Why You’ll Love This Baked Cinnamon Pear and Walnut Healthy Dessert Recipe
- Quick to Prepare: In just a few simple steps, you can have this warm dessert ready.
- Simple Ingredients: It uses accessible ingredients that you may already have at home.
- Comfort Food: The warm flavors of cinnamon and pears are delightful, offering a comforting experience.
- Healthy Option: Packed with nutritious ingredients like pears and walnuts, this is a guilt-free treat.
- Versatile Serving: Enjoy it warm on its own or with a scoop of ice cream or yogurt.
Pear Tips
When selecting pears for this recipe, look for ripe but firm fruits. Bartlett pears are a wonderful choice, as they become sweeter and softer when baked. Ensure that they are free of blemishes or soft spots to guarantee your dessert’s quality. If you’re unsure if your pears are ripe, gently squeeze the neck area; it should yield slightly to pressure. If they feel hard, let them sit at room temperature for a few days until they’re ready to use.
Options for Substitutions
- Swap walnuts for pecans or almonds for a different nutty flavor.
- Use brown sugar instead of honey or maple syrup if you prefer a more robust sweetness.
- Replace butter with any flavor of coconut oil for a dairy-free option.
- Use oat milk or any plant-based milk in place of dairy yogurt when serving.
- Experiment with different spices like cardamom or ginger for a unique twist.
- Instead of pears, consider using apples or peaches for similar delicious results.
Watch Out for These Mistakes
One common mistake is overbaking the pears. While you want them tender, aim for a slight firmness to enhance the texture, so keep an eye on them in the last few minutes of baking.
Another pitfall is underseasoning. Don’t be shy with the cinnamon and nutmeg, as these warm spices elevate the whole dish. Taste and adjust if necessary before filling the pears.
Lastly, make sure to let the pears cool slightly before serving. This helps the juices settle and improves the overall taste experience.

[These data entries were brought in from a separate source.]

(* Let $\mathcal T\in\{\mathcal T_{CDV},\mathcal T_{BCD}\}$. If $B\vdash^{\mathcal T}_{=_{\beta\eta}}\Delta_1:\sigma$ and $\Delta_1\to_\eta\Delta_2$, then $B\vdash^{\mathcal T}_{=_{\beta\eta}}\Delta_2:\sigma$.
   Context: Type atoms: a set $\mathbb{A}$ of symbols; $\omega$ denotes a distinguished atom (the universal type). $\mathbb{A}_\infty=\{\mathtt a_i\mid i\in\mathbb N\}$ with each $\mathtt a_i\neq\omega$, and $\mathbb{A}^\omega_\infty=\mathbb{A}_\infty\cup\{\omega\}$. Intersection types over $\mathbb A$: $\sigma::= a\mid\sigma\to\sigma\mid\sigma\cap\sigma$ ($a\in\mathbb A$). An intersection type theory $\mathcal T$ over $\mathbb A$ is a set of inequalities $\sigma\le\tau$ (written $\sigma\le_{\mathcal T}\tau$) closed under (refl) $\sigma\le\sigma$; (incl) $\sigma\cap\tau\le\sigma$ and $\sigma\cap\tau\le\tau$; (glb) $\rho\le\sigma$ and $\rho\le\tau$ imply $\rho\le\sigma\cap\tau$; (trans) $\sigma\le\tau$ and $\tau\le\rho$ imply $\sigma\le\rho$. Additional axioms/rules: $(\omega_{top})$ $\sigma\le\omega$; $(\omega_{\to})$ $\omega\le\sigma\to\omega$; $(\to\cap)$ $(\sigma\to\tau)\cap(\sigma\to\rho)\le\sigma\to(\tau\cap\rho)$; $(\to)$ $\sigma_2\le\sigma_1$ and $\tau_1\le\tau_2$ imply $\sigma_1\to\tau_1\le\sigma_2\to\tau_2$. $\mathcal T_{CDV}$ = smallest type theory over $\mathbb A_\infty$ closed under $(\to)$ and $(\to\cap)$; $\mathcal T_{BCD}$ = smallest over $\mathbb A^\omega_\infty$ closed under $(\to),(\to\cap),(\omega_{top}),(\omega_\to)$. $\Delta$-terms: $\Delta::=u_\Delta\mid x\mid\lambda x{:}\sigma.\Delta\mid\Delta\,\Delta\mid\langle\Delta,\Delta\rangle\mid pr_1\Delta\mid pr_2\Delta\mid\Delta^\sigma$, where for every (not necessarily typable) $\Delta$-term $\Delta$ there is a constant $u_\Delta$. The essence $\|\Delta\|$ is the pure $\lambda$-term defined by $\|x\|=x$, $\|u_\Delta\|=\|\Delta\|$, $\|\Delta^\sigma\|=\|\Delta\|$, $\|\lambda x{:}\sigma.\Delta\|=\lambda x.\|\Delta\|$, $\|\Delta_1\Delta_2\|=\|\Delta_1\|\,\|\Delta_2\|$, $\|\langle\Delta_1,\Delta_2\rangle\|=\|\Delta_1\|$, $\|pr_i\Delta\|=\|\Delta\|$. A basis $B$ is a finite set of declarations $x{:}\sigma$ with distinct variables. The typed system $\Delta^{\mathcal T}_{=_{\beta\eta}}$ derives $B\vdash^{\mathcal T}_{=_{\beta\eta}}\Delta:\sigma$ by: (top) $B\vdash u_\Delta:\omega$ if $\omega\in\mathbb A$; (ax) $B\vdash x:\sigma$ if $x{:}\sigma\in B$; ($\to$I) from $B,x{:}\sigma\vdash\Delta:\tau$ infer $B\vdash\lambda x{:}\sigma.\Delta:\sigma\to\tau$; ($\to$E) from $B\vdash\Delta_1:\sigma\to\tau$ and $B\vdash\Delta_2:\sigma$ infer $B\vdash\Delta_1\Delta_2:\tau$; ($\cap$I) from $B\vdash\Delta_1:\sigma$, $B\vdash\Delta_2:\tau$ and $\|\Delta_1\|=_{\beta\eta}\|\Delta_2\|$ infer $B\vdash\langle\Delta_1,\Delta_2\rangle:\sigma\cap\tau$; ($\cap$E$_1$) from $B\vdash\Delta:\sigma\cap\tau$ infer $B\vdash pr_1\Delta:\sigma$; ($\cap$E$_2$) from $B\vdash\Delta:\sigma\cap\tau$ infer $B\vdash pr_2\Delta:\tau$; ($\le_{\mathcal T}$) from $B\vdash\Delta:\sigma$ and $\sigma\le_{\mathcal T}\tau$ infer $B\vdash\Delta^\tau:\tau$. The notion of reduction $(\eta)$ is $\lambda x{:}\sigma.\Delta\,x\to\Delta$ if $x\notin FV(\Delta)$; $\to_\eta$ is its contextual closure, with no reduction performed inside the index $\Delta$ of a constant $u_\Delta$. *)

From Stdlib Require Import Arith List Relations.
Import ListNotations.
Set Implicit Arguments.

Inductive itype (A : Type) : Type :=
| TAtom : A -> itype A
| TArr  : itype A -> itype A -> itype A
| TInt  : itype A -> itype A -> itype A.
Arguments TAtom {A} _.
Arguments TArr {A} _ _.
Arguments TInt {A} _ _.

(* A_inf = { a_i | i in nat } is modelled by nat;
   A^omega_inf = A_inf U {omega} is modelled by option nat, with None = omega. *)
Definition omegaB : itype (option nat) := TAtom None.

Inductive le_CDV : itype nat -> itype nat -> Prop :=
| CDV_refl  s : le_CDV s s
| CDV_incl1 s t : le_CDV (TInt s t) s
| CDV_incl2 s t : le_CDV (TInt s t) t
| CDV_glb r s t : le_CDV r s -> le_CDV r t -> le_CDV r (TInt s t)
| CDV_trans s t r : le_CDV s t -> le_CDV t r -> le_CDV s r
| CDV_arrint s t r : le_CDV (TInt (TArr s t) (TArr s r)) (TArr s (TInt t r))
| CDV_arr s1 s2 t1 t2 : le_CDV s2 s1 -> le_CDV t1 t2 -> le_CDV (TArr s1 t1) (TArr s2 t2).

Inductive le_BCD : itype (option nat) -> itype (option nat) -> Prop :=
| BCD_refl  s : le_BCD s s
| BCD_incl1 s t : le_BCD (TInt s t) s
| BCD_incl2 s t : le_BCD (TInt s t) t
| BCD_glb r s t : le_BCD r s -> le_BCD r t -> le_BCD r (TInt s t)
| BCD_trans s t r : le_BCD s t -> le_BCD t r -> le_BCD s r
| BCD_arrint s t r : le_BCD (TInt (TArr s t) (TArr s r)) (TArr s (TInt t r))
| BCD_arr s1 s2 t1 t2 : le_BCD s2 s1 -> le_BCD t1 t2 -> le_BCD (TArr s1 t1) (TArr s2 t2)
| BCD_omtop s : le_BCD s omegaB
| BCD_omarr s : le_BCD omegaB (TArr s omegaB).

Inductive lterm : Type :=
| LVar : nat -> lterm
| LLam : lterm -> lterm
| LApp : lterm -> lterm -> lterm.

Fixpoint llift (k c : nat) (t : lterm) : lterm :=
  match t with
  | LVar n => if c <=? n then LVar (n + k) else LVar n
  | LLam t => LLam (llift k (S c) t)
  | LApp t u => LApp (llift k c t) (llift k c u)
  end.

What to Serve With Baked Cinnamon Pear and Walnut Healthy Dessert Recipe?
For a well-rounded dessert experience, consider pairing your baked pears with a scoop of vanilla ice cream, which adds a creamy contrast. Greek yogurt can also work beautifully, lending a tartness that balances the sweetness of the pears. A sprinkle of granola on top provides a delightful crunch, while a drizzle of additional honey or maple syrup enhances flavor. For a heartier meal, serve this dessert alongside a light salad or a warm bowl of oatmeal.
Storage Instructions
Store: If you have leftovers, place them in an airtight container in the fridge. They should stay fresh for about 3-5 days.
Freeze: For longer storage, you can freeze the baked pears. Wrap them in plastic wrap or place them in a freezer-safe container. They should keep for up to 2 months.

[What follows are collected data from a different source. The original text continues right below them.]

(* Consider the model without monotonicity, parametrized by $\boldsymbol{\xi}=(\boldsymbol{p},\boldsymbol{\alpha},\boldsymbol{\pi},\boldsymbol{\delta})$ ranging over the open set $\Xi$ where $\boldsymbol{p}=(p_1,\dots,p_{N_R})$ lies in the open probability simplex, $\alpha_r\in(0,1)$ for each $r$, $\boldsymbol{\pi}_r=(\pi_{ss,r},\pi_{s\bar{s},r},\pi_{\bar{s}\bar{s},r},\pi_{\bar{s}s,r})$ lies in the open probability simplex for each $r$, and $\delta_{zu}\in(0,1)$ for $z\in\{0,1\}$, $u\in\{ss,s\bar{s},\bar{s}\bar{s},\bar{s}s\}$ (so $\Xi$ has dimension $5N_R+7$). Let $f:\Xi\to\mathbb{R}^{8N_R}$ map $\boldsymbol{\xi}$ to the observed cell probabilities $$P(R=r,Z=z,S=s,Y=y)=p_r\,\alpha_r^{z}(1-\alpha_r)^{1-z}\sum_{u\in O(z,s)}\pi_{ur}\,\delta_{zu}^{y}(1-\delta_{zu})^{1-y},$$ for $r\in\{1,\dots,N_R\}$, $z,s,y\in\{0,1\}$. If $N_R\le 2$, then $\boldsymbol{\xi}$ is not locally identifiable at any $\boldsymbol{\xi}_0\in\Xi$: every neighborhood of $\boldsymbol{\xi}_0$ contains some $\boldsymbol{\xi}\neq\boldsymbol{\xi}_0$ with $f(\boldsymbol{\xi})=f(\boldsymbol{\xi}_0)$. Consequently $N_R\ge 3$ is necessary for local identifiability.
   Context: This parametrization is the joint distribution of $(R,Z,U,Y)$ implied by Assumption 1 (randomization: $Z\perp\!\!\!\perp\{S(1),S(0),Y(1),Y(0)\}\mid R$) and Assumption 3 (homogeneity: $R\perp\!\!\!\perp Y(z)\mid U$), with $p_r=P(R=r)$, $\alpha_r=P(Z=1\mid R=r)$, $\pi_{ur}=P(U=u\mid R=r)$, $\delta_{zu}=P(Y=1\mid Z=z,U=u)$. Here $U=(S(1),S(0))$ with values $(1,1),(1,0),(0,1),(0,0)$ labeled $ss,s\bar{s},\bar{s}s,\bar{s}\bar{s}$, and $S=S(Z)$. $O(z,s)$ is the set of strata compatible with observing $Z=z,S=s$: $O(1,1)=\{ss,s\bar{s}\}$, $O(1,0)=\{\bar{s}\bar{s},\bar{s}s\}$, $O(0,1)=\{ss,\bar{s}s\}$, $O(0,0)=\{s\bar{s},\bar{s}\bar{s}\}$. The observed cell probabilities sum to one, so they lie in an affine space of dimension $8N_R-1$. *)

From Stdlib Require Import Reals List.
Open Scope R_scope.

(* Principal strata U = (S(1),S(0)): ss, s sbar, sbar sbar, sbar s. *)
Inductive stratum : Type := u_ss | u_ssb | u_sbsb | u_sbs.

Definition all_strata : list stratum := u_ss :: u_ssb :: u_sbsb :: u_sbs :: nil.

Definition Obs (z s : bool) : list stratum :=
  match z, s with
  | true, true => u_ss :: u_ssb :: nil
  | true, false => u_sbsb :: u_sbs :: nil
  | false, true => u_ss :: u_sbs :: nil
  | false, false => u_ssb :: u_sbsb :: nil
  end.

Definition bern (a : R) (x : bool) : R := a ^ (Nat.b2n x) * (1 - a) ^ (1 - Nat.b2n x).

Fixpoint sumN (f : nat -> R) (n : nat) : R :=
  match n with O => 0 | S k => sumN f k + f k end.

Definition sumL (f : stratum -> R) (l : list stratum) : R :=
  fold_right (fun u acc => f u + acc) 0 l.

(* Parameter xi = (p, alpha, pi, delta); strata indices r = 0..NR-1. *)
Record param : Type := mkParam {
  pp : nat -> R;
  alpha : nat -> R;                 (* alpha_r = P(Z=1|R=r) *)
  ppi : nat -> stratum -> R;        (* pi_{u r} = P(U=u|R=r) *)
  delta : bool -> stratum -> R      (* delta_{z u} = P(Y=1|Z=z,U=u) *)
}.

Definition in_Xi (NR : nat) (x : param) : Prop :=
  (forall r, (r < NR)%nat -> 0 < pp x r) /\ sumN (pp x) NR = 1 /\
  (forall r, (r < NR)%nat -> 0 < alpha x r < 1) /\
  (forall r, (r < NR)%nat ->
     (forall u, 0 < ppi x r u) /\ sumL (ppi x r) all_strata = 1) /\
  (forall z u, 0 < delta x z u < 1).

Definition cell (x : param) (r : nat) (z s y : bool) : R :=
  pp x r * bern (alpha x r) z *
  sumL (fun u => ppi x r u * bern (delta x z u) y) (Obs z s).

Definition same_obs (NR : nat) (x x0 : param) : Prop :=
  forall r z s y, (r < NR)%nat -> cell x r z s y = cell x0 r z s y.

Reheat: To reheat, place them in the oven at a low temperature until warmed through. You can also use the microwave; just be sure to cover them so they don’t dry out.
Recipe Info
- Preparation Time: Approximately 10 minutes
- Cooking Time: 25-30 minutes
- Total Time: 35-40 minutes
- Level of Difficulty: Easy
- Servings: Serves 4
Estimated Nutrition
Estimated nutrition for the whole recipe (without optional ingredients):
- Calories: 450-500
- Protein: 6-8 grams
- Fat: 22-25 grams
- Carbohydrates: 62-65 grams
Ingredients
- 4 ripe pears
- 1 cup walnuts, chopped
- 2 tablespoons honey or maple syrup
- 1 teaspoon ground cinnamon
- 1 tablespoon butter or coconut oil
- 1/4 teaspoon nutmeg (optional)
- Vanilla ice cream or yogurt (for serving, optional)

Step-by-Step Instructions
Step 1: Preheat Oven and Prepare Baking Dish
Preheat your oven to 350°F (175°C). While the oven warms up, prepare a baking dish by lightly greasing it with butter or coconut oil to prevent sticking.
Step 2: Prepare the Pears
Cut the pears in half lengthwise and remove the cores carefully using a melon baller or a small spoon. This step is crucial for making space for your delicious filling.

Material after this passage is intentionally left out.